By passing the mpay (Maximum Payload) variable into the decompression function, the server now stops reading exactly one byte past the limit. The memory allocation is capped, and the attack is neutralized.

Exploiting this does not require advanced shellcode or heap grooming. It just requires a basic understanding of the WebSocket protocol and zlib. An attacker doesn't even need valid NATS credentials—the WebSocket handshake and frame processing happen before the NATS-level CONNECT verb is fully processed and authenticated.

The Attack Chain:

1. Handshake: Connect to ws://target:port/ with the header Sec-WebSocket-Extensions: permessage-deflate.
2. Crafting the Bomb: Create a payload consisting of 1GB of the letter 'A'. Compress it using zlib with maximum compression. The resulting payload will be tiny (a few kilobytes).
3. Delivery: Send this compressed blob as a single WebSocket binary frame.

The Result: The server receives the small frame (passing network bandwidth limits). It passes it to the decompress function. The function starts allocating. 1MB... 100MB... 1GB... Crash.

Because Go is memory-safe, you won't get Remote Code Execution (RCE) via buffer overflow here. But you get something arguably worse for a message bus: total unavailability. If NATS is the backbone of your microservices, your entire architecture just went dark.

The CVSS score of 5.9 feels deceptively low for a vulnerability that can take down production infrastructure with a single packet. The "High Complexity" (AC:H) metric is doing a lot of heavy lifting here, likely arguing that WebSockets must be explicitly enabled and exposed.

However, in many modern deployments (especially those involving mobile clients or web dashboards), WebSocket support is the entire point of using NATS. If you have this feature turned on, the complexity for the attacker is actually quite low. There is no authentication barrier.

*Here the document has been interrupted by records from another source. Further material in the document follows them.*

(* A regular Hausdorff space $X$ is $c$-semi-stratifiable if and only if $\mathcal{F}(X)$ is $c$-semi-stratifiable.
   Context: $\mathcal{F}(X)$ is the set of nonempty finite subsets of $X$ with the Vietoris topology (base: $\langle U_1,\dots,U_k\rangle=\{A: A\subset\bigcup_i U_i,\ A\cap U_j\neq\emptyset\ \forall j\}$, $U_i$ open in $X$). A space $Y$ is $c$-semi-stratifiable if to every compact $C\subset Y$ one can assign a sequence $\{G(n,C)\}_{n\in\omega}$ of open subsets of $Y$ such that (1) $C=\bigcap_{n\in\omega}G(n,C)$, and (2) if $C\subset F$ with $C,F$ compact, then $G(n,C)\subset G(n,F)$ for all $n$. *)

From HB Require Import structures.
From mathcomp Require Import all_boot all_order.
From mathcomp Require Import all_classical all_reals all_analysis.
Set Implicit Arguments. Unset Strict Implicit. Unset Printing Implicit Defensive.
Local Open Scope classical_set_scope.

(* The carrier of F(X): nonempty finite subsets of X. *)
Definition finsub (X : Type) := {A : set X | finite_set A /\ A !=set0}.

HB.instance Definition _ (X : Type) := gen_eqMixin (finsub X).
HB.instance Definition _ (X : Type) := gen_choiceMixin (finsub X).

Definition vietoris_index (X : Type) := seq (set X).
HB.instance Definition _ (X : Type) := gen_eqMixin (vietoris_index X).
HB.instance Definition _ (X : Type) := gen_choiceMixin (vietoris_index X).
HB.instance Definition _ (X : Type) :=
  isPointed.Build (vietoris_index X) [::].

Definition vietoris_basic (X : Type) (s : vietoris_index X) : set (finsub X) :=
  [set A | proj1_sig A `<=` \bigcup_(U in [set U | U \in s]) U /\
           forall U, U \in s -> proj1_sig A `&` U !=set0].

Definition vietoris_dom (X : topologicalType) : set (vietoris_index X) :=
  [set s | forall U, U \in s -> open U].

Definition vietoris (X : topologicalType) := finsub X.
HB.instance Definition _ (X : topologicalType) := Choice.on (vietoris X).
(* The Vietoris topology: the topology generated by the sets <U_1,...,U_k>
   (they form a base, so the topology they generate as a subbase is the
   same as the one they generate as a base). *)
HB.instance Definition _ (X : topologicalType) :=
  isSubBaseTopological.Build (vietoris X) (@vietoris_dom X) (@vietoris_basic X).

Definition c_semi_stratifiable (Y : topologicalType) : Prop :=
  exists G : nat -> set Y -> set Y,
    [/\ (forall n C, compact C -> open (G n C)),
        (forall C, compact C -> C = \bigcap_(n in [set: nat]) G n C) &
        (forall C F, compact C -> compact F -> C `<=` F ->
           forall n, G n C `<=` G n F)].

From mathcomp Require Import all_boot all_order finmap.
From mathcomp Require Import all_classical all_reals all_analysis.
Set Implicit Arguments. Unset Strict Implicit. Unset Printing Implicit Defensive.
Local Open Scope classical_set_scope.

(* x |-> {x} embeds X continuously and injectively into F(X), and
   c-semi-stratifiability pulls back along such maps.  Conversely, given G for
   X, put g(n,x) = G(0,{x}) ∩ ... ∩ G(n,{x}) and let G(n,K) be the union over
   B ∈ K of the basic sets <g(n,b) : b ∈ B>.  If A ∉ K with K compact, then K
   is closed since F(X) is Hausdorff, so some finite intersection of basic
   sets <U_1,...,U_k> around A misses K.  The union of the members of K is a
   compact subset of X, and g(n,x) eventually avoids any point outside a
   compact set containing x, uniformly in x; hence for n large every B ∈ K
   with A ∈ <g(n,b) : b ∈ B> already lies in each <U_1,...,U_k>, which is
   absurd. *)

Lemma filter_forall_finite {T : choiceType} {I : Type} (F : set_system I)
    {FF : Filter F} (A : set T) (Q : T -> I -> Prop) : finite_set A ->
  (forall a, A a -> \forall i \near F, Q a i) ->
  \forall i \near F, forall a, A a -> Q a i.
Proof.
move=> /finite_fsetP[D ->] AQ.
by apply: filterS (filter_bigI FF AQ) => i DQ a Da; exact: DQ.
Qed.

Lemma finite_tube {X : topologicalType} {I : Type} (F : set_system I)
    {FF : Filter F} (P : I -> X -> Prop) (A : set X) : finite_set A ->
  (forall x, A x -> \forall x' \near x & i \near F, P i x') ->
  exists2 W, open W /\ A `<=` W & \forall i \near F, W `<=` P i.
Proof.
move=> finA AP.
have exUE x : exists UE : set X * set I, A x ->
    [/\ open UE.1, UE.1 x, F UE.2 & forall y i, UE.1 y -> UE.2 i -> P i y].
  have [/AP[[U E] [nU FE] UEP]|nAx] := pselect (A x); last first.
    by exists (set0, set0) => /nAx.
  move: nU; rewrite nbhsE => -[V [oV Vx] VU]; exists (V, E) => _.
  split => // y i Vy Ei.
  by apply: (UEP (y, i)); split => //; exact: VU.
have [UE UEP] := choice exUE.
exists (\bigcup_(x in A) (UE x).1).
  split; first by apply: bigcup_open => x /UEP[].
  by move=> x Ax; exists x => //; have [] := UEP x Ax.
have : \forall i \near F, forall x, A x -> (UE x).2 i.
  by apply: filter_forall_finite => // x /UEP[].
apply: filterS => i Ei y [x Ax Uy]; have [_ _ _ UEPx] := UEP x Ax.
exact: UEPx (Ei x Ax).
Qed.

Lemma hausdorff_separate_finite {X : topologicalType} (a : X) (B : set X) :
  hausdorff_space X -> finite_set B -> ~ B a ->
  exists U W : set X, [/\ open U, open W, U a, B `<=` W & U `&` W = set0].
Proof.
rewrite open_hausdorff => hX finB Ba.
have [W [oW BW] WP] : exists2 W, open W /\ B `<=` W &
    \forall y \near a, W `<=` (fun x => y <> x).
  apply: finite_tube finB _ => b Bb.
  have /hX[[U V] /= [/set_mem Ua /set_mem Vb] [oU oV /eqP UV]] : a != b.
    by apply/eqP => ab; apply: Ba; rewrite ab.
  exists (V, U); first by split; apply: open_nbhs_nbhs.
  move=> [x y] /= [Vx Uy] yx.
  have : (U `&` V) y by split; last rewrite yx.
  by rewrite UV.
move: WP; rewrite /prop_near1 nbhsE => -[U [oU Ua] UW].
exists U, W; split => //; rewrite -subset0 => z [Uz Wz].
exact: (UW z Uz z Wz erefl).
Qed.

Section vietoris.
Variable X : topologicalType.
Implicit Types (A B : vietoris X) (s : vietoris_index X).

Definition points A : set X := proj1_sig A.

Lemma points_inj : injective points.
Proof.
case=> a pa [b pb] /= eab; case: _ / eab in pb *.
by rewrite (Prop_irrelevance pa pb).
Qed.

Lemma finite_points A : finite_set (points A).
Proof. by case: A => ? []. Qed.

Lemma points_neq0 A : points A !=set0.
Proof. by case: A => ? []. Qed.

Lemma open_vietoris_basic s : vietoris_dom s ->
  open (vietoris_basic s : set (vietoris X)).
Proof.
move=> ds; exists [set vietoris_basic s]; last by rewrite bigcup_set1.
move=> _ ->; exists [fset s]%fset; first by move=> i; rewrite !inE => ->.
by rewrite set_fset1 bigcap_set1.
Qed.

Lemma vietoris_nbhs_basic A (O : set (vietoris X)) : nbhs A O ->
  exists2 D : {fset vietoris_index X},
    (forall s, s \in D -> vietoris_dom s /\ vietoris_basic s A) &
    \bigcap_(s in [set` D]) vietoris_basic s `<=` O.
Proof.
rewrite nbhsE => -[U [[D0 D0fin eU] UA] UO].
move: UA; rewrite -eU => -[C D0C]; have [D DD0 eC] := D0fin _ D0C.
rewrite -eC => DA; exists D.
  by move=> s Ds; split; [have := DD0 _ Ds; rewrite inE|exact: DA].
by move=> P DP; apply: UO; rewrite -eU; exists C; rewrite // -eC.
Qed.

Lemma vietoris_basic1E (W : set X) :
  vietoris_basic [:: W] = [set A | points A `<=` W].
Proof.
apply/seteqP; split=> A.
  by move=> [AW _] x /AW[U /=]; rewrite inE => /eqP->.
move=> AW; split=> [x Ax|U]; first by exists W; [rewrite /= inE|exact: AW].
rewrite inE => /eqP->; have [x Ax] := points_neq0 A.
by exists x; split; last exact: AW.
Qed.

Lemma vietoris_basic_meetE (U : set X) :
  vietoris_basic [:: U; setT] = [set A | points A `&` U !=set0].
Proof.
apply/seteqP; split=> A; first by move=> [_]; apply; rewrite mem_head.
move=> AU; split=> [x _|V]; first by exists setT => //=; rewrite !inE eqxx orbT.
by rewrite !inE => /orP[|] /eqP-> //; have [x Ax] := points_neq0 A; exists x.
Qed.

Lemma vietoris_hausdorff : hausdorff_space X -> hausdorff_space (vietoris X).
Proof.
move=> hX; suff sub A B : cluster (nbhs A) B -> points A `<=` points B.
  move=> A B AB; apply/points_inj/seteqP; split; first exact: sub.
  by apply: sub => P Q nP nQ; rewrite setIC; exact: AB.
move=> AB a Aa; apply: contrapT => Ba.
have [U [W [oU oW Ua BW UW]]] :=
  hausdorff_separate_finite hX (finite_points B) Ba.
have [C [[c [Cc Uc]] CW]] :
    [set C | points C `&` U !=set0] `&` [set C | points C `<=` W] !=set0.
  rewrite -vietoris_basic_meetE -vietoris_basic1E; apply: AB.
    apply: open_nbhs_nbhs; split; last first.
      by rewrite vietoris_basic_meetE; exists a.
    apply: open_vietoris_basic => V; rewrite !inE => /orP[|] /eqP-> //.
    exact: openT.
  apply: open_nbhs_nbhs; split; last by rewrite vietoris_basic1E.
  by apply: open_vietoris_basic => V; rewrite inE => /eqP->.
have : (U `&` W) c by split; last exact: CW.
by rewrite UW.
Qed.

Lemma compact_bigcup_points (KK : set (vietoris X)) :
  compact KK -> compact (\bigcup_(B in KK) points B).
Proof.
move=> /compact_near_coveringP cKK; apply/compact_near_coveringP.
move=> I F P FF cover.
have : \forall i \near F, KK `<=` (fun B => points B `<=` P i).
  apply: (cKK I F (fun i B => points B `<=` P i)) => B KKB.
  have [W [oW BW] WP] : exists2 W, open W /\ points B `<=` W &
      \forall i \near F, W `<=` P i.
    by apply: finite_tube (finite_points B) _ => x Bx; apply: cover; exists B.
  exists (vietoris_basic [:: W], [set i | W `<=` P i]) => [|[B' i] /= []].
    split=> //; apply: open_nbhs_nbhs; split; last by rewrite vietoris_basic1E.
    by apply: open_vietoris_basic => U; rewrite inE => /eqP->.
  by rewrite vietoris_basic1E => B'W WPi x /B'W; exact: WPi.
by apply: filterS => i KKPi x [B /KKPi]; apply.
Qed.

Definition fsub1 (x : X) : vietoris X :=
  exist _ [set x] (conj (finite_set1 x) (ex_intro [set x] x erefl)).

Lemma fsub1_inj : injective fsub1.
Proof.
by move=> x y /(congr1 points) /= xy; suff : [set y] x by []; rewrite -xy.
Qed.

Lemma continuous_fsub1 : continuous fsub1.
Proof.
move=> x O /vietoris_nbhs_basic[D sD DO]; apply: filterS DO _ => /=.
apply: filter_forall_finite (finite_fset D) _ => s /sD[os [xs sx]].
have : \forall y \near x, forall U, [set` s] U -> U y.
  apply: filter_forall_finite (finite_seq s) _ => U sU.
  by apply: open_nbhs_nbhs; split; [exact: os|have [_ [/= -> ]] := sx U sU].
apply: filterS => y sy; split=> [_ ->|U sU].
  by have [U0 sU0 _] := xs x erefl; exists U0 => //; exact: sy.
by exists y; split=> //; exact: sy.
Qed.

End vietoris.

Lemma c_semi_stratifiable_inj (X Y : topologicalType) (f : X -> Y) :
  continuous f -> injective f -> c_semi_stratifiable Y -> c_semi_stratifiable X.
Proof.
move=> cf injf [G [oG G_bigcap G_sub]].
have cpt C : compact C -> compact (f @` C).
  by apply: continuous_compact; exact: continuous_subspaceT.
exists (fun n C => f @^-1` G n (f @` C)); split.
- by move=> n C cC; apply: open_comp (oG n _ (cpt C cC)) => x _; exact: cf.
- move=> C cC; apply/seteqP; split=> [x Cx n _|x Gx] /=.
    have : (f @` C) (f x) by exists x.
    by rewrite {1}(G_bigcap _ (cpt C cC)); apply.
  have : (\bigcap_(n in [set: nat]) G n (f @` C)) (f x).
    by move=> n _; exact: Gx.
  by rewrite -(G_bigcap _ (cpt C cC)) => -[y Cy /injf <-].
- move=> C F cC cF CF n; apply: preimage_subset.
  by apply: G_sub; [exact: cpt|exact: cpt|exact: image_subset].
Qed.

Section vietoris_c_semi_stratifiable.
Variables (X : topologicalType) (G : nat -> set X -> set X).
Hypothesis open_G : forall n C, compact C -> open (G n C).
Hypothesis G_bigcap :
  forall C, compact C -> C = \bigcap_(n in [set: nat]) G n C.
Hypothesis G_subset : forall C F, compact C -> compact F -> C `<=` F ->
  forall n, G n C `<=` G n F.

Definition g n (x : X) : set X := \bigcap_(m in `I_n.+1) G m [set x].

Lemma open_g n x : open (g n x).
Proof.
rewrite openE => y gy; apply: filter_forall_finite (finite_II n.+1) _ => m Im.
by apply: open_nbhs_nbhs; split; [exact/open_G/compact_set1|exact: gy].
Qed.

Lemma g_refl n x : g n x x.
Proof.
have : [set x] x by [].
by rewrite {1}(G_bigcap (@compact_set1 X x)) => + m _; apply.
Qed.

Lemma eventually_g_notin C y : compact C -> ~ C y ->
  \forall n \near \oo, forall x, C x -> ~ g n x y.
Proof.
move=> cC nCy; have [N nGNy] : exists N, ~ G N C y.
  apply: contrapT => GCy; apply: nCy; rewrite (G_bigcap cC) => n _.
  by apply: contrapT => nGny; apply: GCy; exists n.
exists N => // n /= Nn x Cx gxy; apply: nGNy.
have xC : [set x] `<=` C by move=> _ ->.
exact: (G_subset (@compact_set1 X x) cC xC (gxy N Nn)).
Qed.

Lemma eventually_g_sub (K U : set X) a : compact K -> open U -> U a ->
  \forall n \near \oo, forall x, K x -> g n x a -> U x.
Proof.
move=> cK oU Ua.
have cKU : compact (K `&` ~` U).
  by apply: compact_closedI cK _; exact: open_closedC.
have : ~ (K `&` ~` U) a by move=> [_]; apply.
move=> /(eventually_g_notin cKU); apply: filterS => n nga x Kx gxa.
by apply: contrapT => nUx; exact: (nga x (conj Kx nUx) gxa).
Qed.

Definition g_basic n (B : vietoris X) : set (vietoris X) :=
  [set A | points A `<=` \bigcup_(b in points B) g n b /\
           forall b, points B b -> points A `&` g n b !=set0].

Lemma g_basic_refl n B : g_basic n B B.
Proof.
by split=> [x Bx|b Bb]; [exists x|exists b; split] => //; exact: g_refl.
Qed.

Lemma open_g_basic n B : open (g_basic n B).
Proof.
have [s es] := (finite_seqP _).1 (finite_points B).
suff -> : g_basic n B = vietoris_basic (map (g n) s).
  by apply: open_vietoris_basic => U /mapP[x _ ->]; exact: open_g.
rewrite /g_basic es; apply/seteqP; split=> A [AB BA]; split.
- by move=> x /AB[b sb gbx]; exists (g n b) => //=; exact: map_f.
- by move=> U /mapP[b sb ->]; exact: BA.
- by move=> x /AB[U /mapP[b sb ->] gbx]; exists b.
- by move=> b sb; apply: BA; exact: map_f.
Qed.

Lemma eventually_g_basic_sub (K : set X) s A : compact K -> vietoris_dom s ->
  vietoris_basic s A ->
  \forall n \near \oo, forall B, points B `<=` K -> g_basic n B A ->
    vietoris_basic s B.
Proof.
move=> cK os [As sA].
pose W := \bigcup_(U in [set U | U \in s]) U.
have oW : open W by apply: bigcup_open => U; exact: os.
have W_near : \forall n \near \oo,
    forall a, points A a -> forall x, K x -> g n x a -> W x.
  apply: filter_forall_finite (finite_points A) _ => a Aa.
  exact: eventually_g_sub cK oW (As a Aa).
have U_near : \forall n \near \oo, forall U, [set` s] U ->
    exists2 a, points A a & forall x, K x -> g n x a -> U x.
  apply: filter_forall_finite (finite_seq s) _ => U sU.
  have [a [Aa Ua]] := sA U sU.
  by apply: filterS (eventually_g_sub cK (os U sU) Ua) => n h; exists a.
apply: filterS (filterI W_near U_near) => n [Wn Un] B BK [AB BA]; split.
- by move=> b Bb; have [a [Aa gba]] := BA b Bb; exact: Wn a Aa b (BK b Bb) gba.
- move=> U sU; have [a Aa aU] := Un U sU; have [b Bb gba] := AB a Aa.
  by exists b; split => //; exact: aU b (BK b Bb) gba.
Qed.

Definition G_vietoris n (KK : set (vietoris X)) : set (vietoris X) :=
  \bigcup_(B in KK) g_basic n B.

Lemma vietoris_c_semi_stratifiable :
  hausdorff_space X -> c_semi_stratifiable (vietoris X).
Proof.
move=> hX; exists G_vietoris; split.
- by move=> n KK _; apply: bigcup_open => B _; exact: open_g_basic.
- move=> KK cKK; apply/seteqP; split=> [B KKB n _|A KKA].
    by exists B => //; exact: g_basic_refl.
  apply: contrapT => nKKA.
  have clKK : closed KK := compact_closed (vietoris_hausdorff hX) cKK.
  have /vietoris_nbhs_basic[D sD DKK] : nbhs A (~` KK).
    by apply: open_nbhs_nbhs; split => //; exact: closed_openC.
  have : \forall n \near \oo, forall s, s \in D -> forall B,
      points B `<=` \bigcup_(B in KK) points B -> g_basic n B A ->
      vietoris_basic s B.
    apply: filter_forall_finite (finite_fset D) _ => s /sD[os As].
    exact: eventually_g_basic_sub (compact_bigcup_points cKK) os As.
  move=> /filter_ex[n Dn]; have [B KKB ABn] := KKA n I.
  apply: (DKK B) => // s Ds; apply: Dn ABn => // x Bx; by exists B.
- by move=> KK LL _ _ KKLL n A [B /KKLL LLB gBA]; exists B.
Qed.

End vietoris_c_semi_stratifiable.

Theorem theorem4p9 (X : topologicalType) :
  regular_space X -> hausdorff_space X ->
  (c_semi_stratifiable X <-> c_semi_stratifiable (vietoris X)).
Proof.
move=> _ hX; split=> [[G [oG G_bigcap G_sub]]|].
  exact: vietoris_c_semi_stratifiable oG G_bigcap G_sub hX.
exact: c_semi_stratifiable_inj (@continuous_fsub1 X) (@fsub1_inj X).
Qed.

This is an asymmetric attack. The attacker spends pennies on bandwidth and CPU to generate the compressed frame. The victim spends gigabytes of RAM and potential downtime processing it. In a Kubernetes environment, this could lead to a crash loop where the pod restarts, accepts the connection again, and crashes again.

If you are running NATS Server with WebSockets enabled, you have two choices: patch or disable.

1. The Patch: Upgrade immediately to version 2.11.12 or 2.12.3. These versions include the boundary checks discussed above. This is the only true fix.

2. The Workaround: If you cannot upgrade today, check your configuration file. If you do not need WebSockets, turn them off.

# Disable this block if not strictly necessary
websocket {
    listen: "0.0.0.0:4222"
    # ...
}

3. The Band-Aid: If you must run a vulnerable version, place a reverse proxy (like Nginx or HAProxy) in front of NATS that handles the WebSocket termination and does not support compression, or enforces strict body limits before passing traffic to NATS. However, ensure the proxy itself isn't vulnerable to the same bomb!